**Work to complete:** State the number of lines in these records that include the word "move", and add nothing to it.

**Collected data:**
Lemma conv_one_minus_x_SopN1 : conv v (@one_minus_x K) (Sop v (-1) (@cst_one K)) = @cst_one K.
Proof.
rewrite Sop_one_mahler conv_mahler_fun mcoef_one_minus_x cst_one_mahler; congr mahler_fun.
by apply: functional_extensionality => n; rewrite bconv_omx_Scoef // addNr.
Qed.

Lemma star_inv_one_minus_x_spec :
  contZp v (star_inv v (@one_minus_x K)) /\
  forall x, isZp v x -> conv v (@one_minus_x K) (star_inv v (@one_minus_x K)) x = cst_one x.
Proof.
have inv_exists : exists psi, contZp v psi /\
    forall x, isZp v x -> conv v (@one_minus_x K) psi x = cst_one x.
  exists (Sop v (-1) (@cst_one K)); split.
    by apply: Sop_one_contZp; rewrite -(mulrNz 1 1); apply: isZp_intr.
  by move=> x _; rewrite conv_one_minus_x_SopN1.
exact: (epsilon_spec _ _ inv_exists).
Qed.

(* The star-inverse is only specified on Z_p, which its Mahler coefficients see
   through the naturals alone; this pins them down. *)
Lemma mcoef_star_inv : mcoef (star_inv v (@one_minus_x K)) = Scoef (-1).
Proof.
apply: bconv_omx_inj => n; rewrite bconv_omx_Scoef // addNr -mcoef_one_minus_x -mcoef_conv.
rewrite -[Scoef 0]mcoef_mahler_fun -cst_one_mahler; apply: mcoef_eq_natr => k.
by rewrite (proj2 star_inv_one_minus_x_spec) //; apply: (isZp_intr k).
Qed.

Lemma iter_conv_star_inv j :
  iter j (conv v (star_inv v (@one_minus_x K))) (@cst_one K) = mahler_fun v (Scoef (- j%:R)).
Proof.
elim: j => [|j IH]; first by rewrite oppr0; exact: cst_one_mahler.
rewrite iterS IH conv_mahler_fun mcoef_star_inv; congr mahler_fun.
apply: functional_extensionality => k.
by rewrite bconv_ScoefN1 // -natr1 opprD.
Qed.

Lemma Sop_one_star_pow (m : int) : Sop v m%:~R (@cst_one K) = star_pow v (@one_minus_x K) m.
Proof.
rewrite Sop_one_mahler; case: m => n; first by rewrite /star_pow iter_conv_one_minus_x.
by rewrite /star_pow iter_conv_star_inv NegzE mulrNz.
Qed.

End Valuation.

Theorem proposition6p6 (R : realType) (K : closedFieldType) (v : K -> R) (p : nat) :
  prime p -> is_abs v -> nonarch v -> complete v -> alg_dense v ->
  v p%:R = (p%:R)^-1 ->
  (forall y x, isZp v y -> isZp v x -> has_sum v (S_term y (@cst_one K) x) (Sop v y (@cst_one K) x)) /\
  (forall y, isZp v y -> contZp v (Sop v y (@cst_one K))) /\
  contmap v (fun y => Sop v y (@cst_one K)) /\
  (forall (m : int) x, isZp v x ->
     Sop v m%:~R (@cst_one K) x = star_pow v (@one_minus_x K) m x) /\
  (forall F : K -> K -> K,
     (forall y, isZp v y -> contZp v (F y)) -> contmap v F ->
     (forall (m : int) x, isZp v x -> F m%:~R x = star_pow v (@one_minus_x K) m x) ->
     forall y x, isZp v y -> isZp v x -> F y x = Sop v y (@cst_one K) x).
Proof.
move=> p_prime v_abs v_na v_complete _ absv_p.
have Sop_pow := Sop_one_star_pow v_abs v_na p_prime absv_p v_complete.
have Sop_cont := Sop_one_contmap v_abs v_na p_prime absv_p v_complete.
split; first by move=> y x; exact: (Sop_one_has_sum v_abs v_na p_prime absv_p v_complete).
split; first by move=> y; exact: (Sop_one_contZp v_abs v_na p_prime absv_p v_complete).
split; first exact: Sop_cont.
split; first by move=> m x _; rewrite Sop_pow.
move=> F _ F_cont F_pow y x; apply: (contmap_eq_intr v_abs v_na F_cont Sop_cont) => m z zZp.
by rewrite F_pow // Sop_pow.
Qed.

**Reply:** 6